Но теперь, когда тело постепенно теряло тепло и почти перестало дрожать, а ворота, вероятно, никто не собирался открывать, стало очевидно, что больше нет смысла ждать – нужно действовать. Страх смерти вынудил меня выпрямиться и встать с холодной земли.
Если ничего не предпринять, я правда умру.
Выйдя на замёрзшую улицу, я направился к единственному, помимо дома, месту, которое знал.
Наверное, я вспомнил о школе из-за электрического обогревателя. Несмотря на то, что сейчас были каникулы, я прошёл три остановки в морозную зимнюю ночь, надеясь, что смогу попасть туда и согреться. Когда вдалеке показался силуэт школы, на мои глаза навернулись слёзы. Сдерживая их, я волочил за собой онемевшую ногу, с трудом передвигаясь по продуваемому ветром школьному двору.
Я смогу согреться, если просто зайду туда.
Меня трясло от холода, и казалось, что я вот-вот упаду, но мои глаза не отрывались от школьного здания, которое становилось ближе с каждым шагом. Стиснув зубы, я продолжал идти. Однако, оказавшись у главного входа в школу, обнаружил, что там тоже заперто. Паника и отчаяние охватили меня. Надежда на то, что я смогу включить обогреватель и согреться, как только войду в школу, была разрушена толстым навесным замком. Может, где-то есть открытое окно?
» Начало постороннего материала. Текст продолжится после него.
Lemma lincomb1N1 {T : Type} {R : pzRingType} (f g : T -> R) :
  lincomb 1 f (-1) g = (fun x => f x - g x).
Proof. by apply/funext => x; rewrite /lincomb mul1r mulN1r. Qed.

Section dirichlet_form_bilinear.
Context {d : measure_display} {E : measurableType d} {R : realType}
  {mu : {measure set E -> \bar R}} {D : set (E -> R)} {Ef : (E -> R) -> (E -> R) -> R}.
Hypothesis HD : symmetric_Dirichlet_form mu D Ef.

Lemma dform_dom_lincomb (a b : R) {f g : E -> R} : D f -> D g -> D (lincomb a f b g).
Proof. by move=> Df Dg; apply: (dform_domD HD); apply: (dform_domZ HD). Qed.

Lemma dform0l {h : E -> R} : D h -> Ef (fun _ => 0) h = 0.
Proof.
move=> Dh; have := dform_lin HD 1 (dform_dom0 HD) (dform_dom0 HD) Dh.
have -> : (fun x : E => 1 * (fun _ : E => 0 : R) x + (fun _ => 0) x) = (fun _ => 0).
  by apply/funext => x; rewrite mulr0 addr0.
rewrite mul1r => lin0; lra.
Qed.

Lemma dformZl (a : R) {f h : E -> R} : D f -> D h ->
  Ef (fun x => a * f x) h = a * Ef f h.
Proof.
move=> Df Dh; have := dform_lin HD a Df (dform_dom0 HD) Dh.
have -> : (fun x : E => a * f x + (fun _ => 0 : R) x) = (fun x => a * f x).
  by apply/funext => x; rewrite addr0.
by rewrite dform0l // addr0.
Qed.

Lemma dformZ (a : R) {f : E -> R} : D f ->
  Ef (fun x => a * f x) (fun x => a * f x) = a ^+ 2 * Ef f f.
Proof.
move=> Df; have Daf : D (fun x => a * f x) by apply: (dform_domZ HD).
by rewrite dformZl // (dform_sym HD Df Daf) dformZl // mulrA -expr2.
Qed.

Lemma dform_lincombl (a b : R) {f g h : E -> R} : D f -> D g -> D h ->
  Ef (lincomb a f b g) h = a * Ef f h + b * Ef g h.
Proof.
move=> Df Dg Dh; have := dform_lin HD a Df (dform_domZ HD b Dg) Dh.
by rewrite dformZl.
Qed.

Lemma dform_lincomb (a b : R) {f g : E -> R} : D f -> D g ->
  Ef (lincomb a f b g) (lincomb a f b g) =
  a ^+ 2 * Ef f f + 2 * a * b * Ef f g + b ^+ 2 * Ef g g.
Proof.
move=> Df Dg; have Dc := dform_dom_lincomb a b Df Dg.
rewrite dform_lincombl // (dform_sym HD Df Dc) (dform_sym HD Dg Dc).
by rewrite !dform_lincombl // (dform_sym HD Dg Df); ring.
Qed.

Lemma dform_le_subr {f g : E -> R} : D f -> D g ->
  Ef g g <= 2 * Ef f f + 2 * Ef (lincomb 1 f (-1) g) (lincomb 1 f (-1) g).
Proof.
move=> Df Dg; have := dform_nonneg HD (dform_dom_lincomb 2 (-1) Df Dg).
by rewrite !dform_lincomb //; lra.
Qed.

End dirichlet_form_bilinear.

Section real_cutoff.
Context {R : realFieldType}.

Definition cutoff (t y : R) := Num.min (Num.max y 0) t.

Lemma cutoff_scale (t y : R) : 0 < t -> t * cutoff 1 (t^-1 * y) = cutoff t y.
Proof.
move=> t0; rewrite /cutoff; have tV0 : 0 < t^-1 by rewrite invr_gt0.
have [y0|y0] := leP y 0.
  have : t^-1 * y <= 0 by rewrite pmulr_rle0.
  by move=> h; rewrite (max_r h) (min_l ler01) (min_l (ltW t0)) mulr0.
have h1 : 0 <= t^-1 * y by rewrite pmulr_rge0 // ltW.
rewrite (max_l h1); have [yt|yt] := leP y t.
  have : t^-1 * y <= 1 by rewrite -(mulVf (lt0r_neq0 t0)) ler_pM2l.
  by move=> h; rewrite (min_l h) mulrA mulfV ?gt_eqF // mul1r.
have : 1 < t^-1 * y by rewrite -(mulVf (lt0r_neq0 t0)) ltr_pM2l.
by move=> h; rewrite (min_r (ltW h)) mulr1.
Qed.

Lemma cutoff_sqr_le (t y : R) : 0 < t -> cutoff t y ^+ 2 <= y ^+ 2.
Proof.
move=> t0; rewrite /cutoff; have [y0|y0] := leP y 0.
  by rewrite (min_l (ltW t0)) expr0n sqr_ge0.
have [yt|yt] := leP y t => //; nra.
Qed.

Lemma pos_part_sub_cutoff_le (t y : R) : 0 < t ->
  Num.max y 0 - cutoff t y <= t^-1 * y ^+ 2.
Proof.
move=> t0; rewrite /cutoff; have tV0 : 0 < t^-1 by rewrite invr_gt0.
have hy2 : 0 <= t^-1 * y ^+ 2 by rewrite mulr_ge0 ?sqr_ge0 // ltW.
have [y0|y0] := leP y 0; first by rewrite (min_l (ltW t0)) subrr.
have [yt|yt] := leP y t; first by rewrite subrr.
have -> : t^-1 * y ^+ 2 = y * (t^-1 * y) by rewrite expr2 mulrCA.
have : 1 < t^-1 * y by rewrite -(mulVf (lt0r_neq0 t0)) ltr_pM2l.
nra.
Qed.

End real_cutoff.

Section dirichlet_form_probability.
Context {d : measure_display} {E : measurableType d} {R : realType}
  {mu : probability E R} {D : set (E -> R)} {Ef : (E -> R) -> (E -> R) -> R}.
Hypothesis HD : symmetric_Dirichlet_form mu D Ef.
Local Notation E1 := (E1norm2 mu Ef).

Lemma dform_integrable {f : E -> R} : D f -> mu.-integrable setT (EFin \o f).
Proof. by move=> /(dform_L2 HD) /L2fun_integrable. Qed.

Lemma dform_integrable_sqr {f : E -> R} : D f ->
  mu.-integrable setT (EFin \o (fun x => f x ^+ 2)).
Proof. by move=> /(dform_L2 HD) []. Qed.

Lemma E1norm2_ge0 {h : E -> R} : D h -> 0 <= E1 h.
Proof.
move=> Dh; rewrite /E1norm2 addr_ge0 ?(dform_nonneg HD) //.
by apply: muR_ge0 => x; exact: sqr_ge0.
Qed.

Lemma muR_lincomb (a b : R) {f g : E -> R} : D f -> D g ->
  muR mu (lincomb a f b g) = a * muR mu f + b * muR mu g.
Proof.
move=> /dform_integrable iF /dform_integrable iG.
by rewrite /lincomb muRD ?muRZ //; exact: integrableR_scale.
Qed.

Lemma E1norm2_lincomb (a b : R) {f g : E -> R} : D f -> D g ->
  E1 (lincomb a f b g) =
  a ^+ 2 * E1 f + 2 * a * b * (Ef f g + muR mu (fun x => f x * g x)) + b ^+ 2 * E1 g.
Proof.
move=> Df Dg; rewrite /E1norm2 (dform_lincomb HD) //.
have iF2 := dform_integrable_sqr Df; have iG2 := dform_integrable_sqr Dg.
have iFG := L2fun_integrableM (dform_L2 HD Df) (dform_L2 HD Dg).
rewrite (@eq_muR _ _ _ _ _ (fun x => (a ^+ 2 * f x ^+ 2 + 2 * a * b * (f x * g x))
   + b ^+ 2 * g x ^+ 2)); last by move=> x; rewrite /lincomb; ring.
rewrite muRD; last 2 first.
- by apply: integrableR_add; exact: integrableR_scale.
- exact: integrableR_scale.
rewrite muRD ?muRZ //; first ring.
all: exact: integrableR_scale.
Qed.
Я встал на цветочную клумбу и надавил на окно, которое находилось на уровне моей головы. Но как только коснулся рамы, её холод пронзил уже покрасневшие от мороза руки острой болью.
— Ай! — из меня вырвался тихий стон, но срочная необходимость войти и согреться заставила окоченевшие пальцы двигаться. Однако как бы сильно я на него ни давил, оно не сдвинулось ни на миллиметр – то ли мне не хватало сил, то ли окно было действительно закрыто.
Одержимый мыслью попасть внутрь, я игнорировал острую боль в руках и продолжал настойчиво давить на стекло. Все последние силы были направлены только на выполнение этой цели. Нос заложило, поэтому я тяжело выдыхал через широко раскрытый рот в попытках открыть окно.
Осознание, что это место тоже навсегда закрыто для меня, пришло с опозданием. Вероятно, потому что в такой момент я не мог позволить себе плакать. Прежде чем поддаться эмоциям, нужно было решить первостепенную задачу – выжить. В полной темноте – так как ни один фонарь не горел – я прошёл через тёмный школьный двор и вышел на улицу, где мог найти людей.
Воспоминания о том дне отрывочны. Я помню лишь то, что холод пробирал меня до костей, и я, трясясь всем телом, как старый двигатель, инстинктивно двигался вперёд. Отчаянная жажда жизни в конечном итоге вынудила меня выйти прямо на проезжую часть и тупо глядеть на машины.
Я пошатывался и с трудом стоял на ногах, но глаза – единственное, что функционировало как положено, – разглядели фары приближающегося автомобиля. В следующее мгновение меня ослепил яркий белый свет, и я отключился, точно кукла с севшей батарейкой.